Di seguito una nota del gruppo di opposizione cistranese “Opportunità Civica Cisternino”:

“Dal finire della scorsa settimana, a Cisternino è iniziata la rimozione dei cassonetti carrellati condominiali, laddove ancora presenti.

Già annunciata nel luglio dello scorso anno nell’ambito del passaggio alla modalità di raccolta dei rifiuti porta a porta e in previsione della tariffazione puntuale, la decisione pendeva in questi mesi senza mai realizzarsi.
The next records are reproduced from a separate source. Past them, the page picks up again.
(* Let $p\in[1,\infty]$, let $A\in\mathbb{R}^{m\times n}$ have full column rank, and let $\mathcal{A} = \{Ax: x\in\mathbb{R}^n\}$. Let $\Phi\in\mathbb{R}^{s\times m}$ with $s\ge n$, and suppose there are $\sigma_\Phi>0$, $\kappa_\Phi\ge1$ with $$\sigma_\Phi\|y\|_p \le \|\Phi y\|_p \le \kappa_\Phi\sigma_\Phi\|y\|_p\quad\text{for all } y\in\mathcal{A}.$$ Let $\Phi A = QR$ be a thin QR factorization, with $Q\in\mathbb{R}^{s\times n}$ having orthonormal columns and $R\in\mathbb{R}^{n\times n}$ invertible. Then $\kappa_p(AR^{-1}) \le \kappa_\Phi\, s^{|1/p-1/2|}$.
   Context: For $M \in \mathbb{R}^{m\times n}$, $\sigma_p^{\max}(M) = \max_{\|x\|_2=1}\|Mx\|_p$, $\sigma_p^{\min}(M) = \min_{\|x\|_2=1}\|Mx\|_p$, and $\kappa_p(M) = \sigma_p^{\max}(M)/\sigma_p^{\min}(M)$. Convention $1/\infty = 0$. *)

From Stdlib Require Import Reals Lra Classical ClassicalEpsilon.
Open Scope R_scope.

(* Vectors of length n are functions nat -> R (only indices < n matter);
   an m x n matrix is a function nat -> nat -> R (only i < m, j < n matter). *)

Fixpoint rsum (n : nat) (f : nat -> R) : R :=
  match n with O => 0 | S k => rsum k f + f k end.

Fixpoint rmaxabs (n : nat) (f : nat -> R) : R :=
  match n with O => 0 | S k => Rmax (rmaxabs k f) (Rabs (f k)) end.

Definition matvec (n : nat) (M : nat -> nat -> R) (x : nat -> R) : nat -> R :=
  fun i => rsum n (fun j => M i j * x j).

Definition matmul (k : nat) (A B : nat -> nat -> R) : nat -> nat -> R :=
  fun i j => rsum k (fun l => A i l * B l j).

Inductive pexp := Pfin (p : R) | Pinf.

Definition valid_p (p : pexp) : Prop :=
  match p with Pfin q => 1 <= q | Pinf => True end.

Definition invp (p : pexp) : R :=
  match p with Pfin q => / q | Pinf => 0 end.

(* x^y for x >= 0, y > 0, with 0^y = 0 *)
Definition rpow0 (x y : R) : R :=
  if Req_EM_T x 0 then 0 else Rpower x y.

Definition pnorm (n : nat) (p : pexp) (x : nat -> R) : R :=
  match p with
  | Pfin q => rpow0 (rsum n (fun i => rpow0 (Rabs (x i)) q)) (/ q)
  | Pinf => rmaxabs n x
  end.

Definition norm2 (n : nat) (x : nat -> R) : R :=
  sqrt (rsum n (fun i => x i * x i)).

(* Supremum of a nonempty bounded-above set (default 0 otherwise). *)
Definition Rsup (E : R -> Prop) : R :=
  match excluded_middle_informative (bound E /\ exists x, E x) with
  | left H => proj1_sig (completeness E (proj1 H) (proj2 H))
  | right _ => 0
  end.

Definition Rinf (E : R -> Prop) : R := - Rsup (fun y => E (- y)).

(* sigma_p^max(M), sigma_p^min(M) for M : m x n (max/min over the unit 2-sphere;
   these are attained, so they coincide with sup/inf). *)
Definition sigma_max (m n : nat) (p : pexp) (M : nat -> nat -> R) : R :=
  Rsup (fun v => exists x, norm2 n x = 1 /\ v = pnorm m p (matvec n M x)).

Definition sigma_min (m n : nat) (p : pexp) (M : nat -> nat -> R) : R :=
  Rinf (fun v => exists x, norm2 n x = 1 /\ v = pnorm m p (matvec n M x)).

(* kappa_p(M) as an extended real: None = +oo (when sigma_min = 0). *)
Definition kappa (m n : nat) (p : pexp) (M : nat -> nat -> R) : option R :=
  if Req_EM_T (sigma_min m n p M) 0 then None
  else Some (sigma_max m n p M / sigma_min m n p M).

Definition ext_le (a : option R) (c : R) : Prop :=
  match a with Some x => x <= c | None => False end.

From Stdlib Require Import Reals Lra Lia ClassicalEpsilon FunctionalExtensionality.
Open Scope R_scope.

(* For a unit vector [x], put [y = R^-1 x]; then [Phi A y = Q R y = Q x], and [Q x] is a unit
   vector of [R^s] because [Q] has orthonormal columns. On unit vectors of [R^s] the [p]-norm
   lies between [s^min(0, 1/p - 1/2)] and [s^max(0, 1/p - 1/2)] (Jensen's inequality for
   [t |-> t^(p/2)] applied to the squared entries), so the embedding property pins
   [||A R^-1 x||_p] between [s^min(0, 1/p - 1/2) / (kappa_Phi sigma_Phi)] and
   [s^max(0, 1/p - 1/2) / sigma_Phi]; the ratio of these bounds is [kappa_Phi s^|1/p - 1/2|]. *)

Lemma Rpower_pos x y : 0 < Rpower x y.
Proof. apply exp_pos. Qed.

Lemma Rpower_1_base y : Rpower 1 y = 1.
Proof. unfold Rpower. rewrite ln_1, Rmult_0_r. apply exp_0. Qed.

Lemma Rpower_inv_base x y : 0 < x -> Rpower (/ x) y = Rpower x (- y).
Proof. intros Hx. unfold Rpower. rewrite ln_Rinv by exact Hx. f_equal; ring. Qed.

Lemma Rpower_le_exp_antitone t a b : 0 < t <= 1 -> a <= b -> Rpower t b <= Rpower t a.
Proof.
  intros Ht Hab.
  assert (Hinv : Rpower (/ t) (- b) <= Rpower (/ t) (- a)).
  { apply Rle_Rpower; [|lra]. rewrite <- Rinv_1. apply Rinv_le_contravar; lra. }
  rewrite !Rpower_inv_base, !Ropp_involutive in Hinv by lra. exact Hinv.
Qed.

Lemma Rpower_mvt g a b : 0 < a < b ->
  exists c, a < c < b /\ Rpower b g - Rpower a g = g * Rpower c (g - 1) * (b - a).
Proof.
  intros [Ha Hab].
  destruct (MVT_cor2 (fun x => Rpower x g) (fun x => g * Rpower x (g - 1)) a b Hab)
    as [c [Hc Hbetween]].
  - intros c Hc. apply derivable_pt_lim_power. lra.
  - exists c. split; assumption.
Qed.

Lemma Rpower_bernoulli_concave x g : 0 < x -> 0 < g <= 1 ->
  Rpower x g <= 1 + g * (x - 1).
Proof.
  intros Hx Hg.
  destruct (Rtotal_order x 1) as [Hlt | [-> | Hgt]].
  - destruct (Rpower_mvt g x 1) as [c [Hc Hdiff]]; [lra|].
    assert (Hc1 : 1 <= Rpower c (g - 1)).
    { rewrite <- (Rpower_O c) at 1 by lra. apply Rpower_le_exp_antitone; lra. }
    rewrite Rpower_1_base in Hdiff.
    assert (g * (1 - x) <= g * Rpower c (g - 1) * (1 - x)).
    { rewrite Rmult_assoc, (Rmult_comm (Rpower _ _)). apply Rmult_le_compat_l; nra. }
    lra.
  - rewrite Rpower_1_base. lra.
  - destruct (Rpower_mvt g 1 x) as [c [Hc Hdiff]]; [lra|].
    assert (Hc1 : Rpower c (g - 1) <= 1).
    { rewrite <- (Rpower_O c) at 2 by lra. apply Rle_Rpower; lra. }
    rewrite Rpower_1_base in Hdiff.
    assert (g * Rpower c (g - 1) * (x - 1) <= g * (x - 1)).
    { rewrite Rmult_assoc, (Rmult_comm (Rpower _ _)). apply Rmult_le_compat_l; nra. }
    lra.
Qed.

(* The exponent [g >= 1] case follows from the concave one applied to [x ^ g] and [1 / g]. *)
Lemma Rpower_bernoulli_convex x g : 0 < x -> 1 <= g ->
  1 + g * (x - 1) <= Rpower x g.
Proof.
  intros Hx Hg.
  assert (Hinvg : 0 < / g <= 1).
  { split; [apply Rinv_0_lt_compat; lra|]. rewrite <- Rinv_1. apply Rinv_le_contravar; lra. }
  pose proof (Rpower_bernoulli_concave (Rpower x g) (/ g) (Rpower_pos x g) Hinvg) as Hb.
  rewrite Rpower_mult, Rinv_r, Rpower_1 in Hb by lra.
  apply (Rmult_le_compat_l g) in Hb; [|lra].
  rewrite Rmult_plus_distr_l, <- Rmult_assoc, Rinv_r, Rmult_1_l in Hb by lra.
  nra.
Qed.
Lemma rpow0_pos x y : 0 < x -> rpow0 x y = Rpower x y.
Proof. intros Hx. unfold rpow0. destruct (Req_EM_T x 0); [lra | reflexivity]. Qed.

Lemma rpow0_0 y : rpow0 0 y = 0.
Proof. unfold rpow0. destruct (Req_EM_T 0 0); [reflexivity | lra]. Qed.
Fino a venerdì scorso, quando, arbitrariamente e senza motivazione immediatamente apparente in merito alle tempistiche, la rimozione ha avuto il suo inizio, in maniera scaglionata.

Si segnala da più parti come i cittadini nemmeno in questa occasione siano stati avvisati per tempo, ritrovandosi letteralmente dalla sera alla mattina privi dei cassonetti e quantomeno inizialmente disorientati circa le cause.

Ora, ci chiediamo:

Perché i cittadini dei condomini interessati non sono stati preventivamente avvertiti?

Sarebbe bastato un semplice volantino affisso sugli stessi cassonetti col quale preannunciare il cambiamento.
Oppure, sarebbe bastato usare i social network o pubblicare un avviso sul sito istituzionale, con cui, per mezzo del naturale e consueto passaparola, il messaggio si sarebbe diffuso per diventare presto endemico.

Per questioni spesso assai più frivole, festaiole, volte perlopiù alla promozione di qualche illustre personaggio o di qualcosa ritenuto più importante, l’Amministrazione Convertini dispensa campagne social, dirette, volantinaggi; quando, invece, si tratta di questioni serie, si omette di avvertire la popolazione.

È stato, poi, scelto il momento peggiore per operare un cambiamento del genere, poiché noi tutti ancora limitati dall’emergenza coronavirus. Ma, effettivamente, si comprende poco la rimozione di tutti i contenitori, e non soltanto di quelli della frazione#indifferenziata, sulla produzione della quale si basa la (annunciata) tariffazione puntuale, che al momento resta ancora all’orizzonte.

Abbiamo a che fare con l’ennesimo caso di arroganza palesato da questa Amministrazione, un vero e proprio sgarbo gratuito a molti cistranesi, una decisione in bilico tra l’immancabile arroganza e una preoccupante tendenza alla superficialità, dimostrando scarsa sensibilità e poco, pochissimo rispetto verso i cittadini, che quel servizio di raccolta rifiuti lo pagano e non poco.

Cisternino meritava di più, lo ribadiamo”.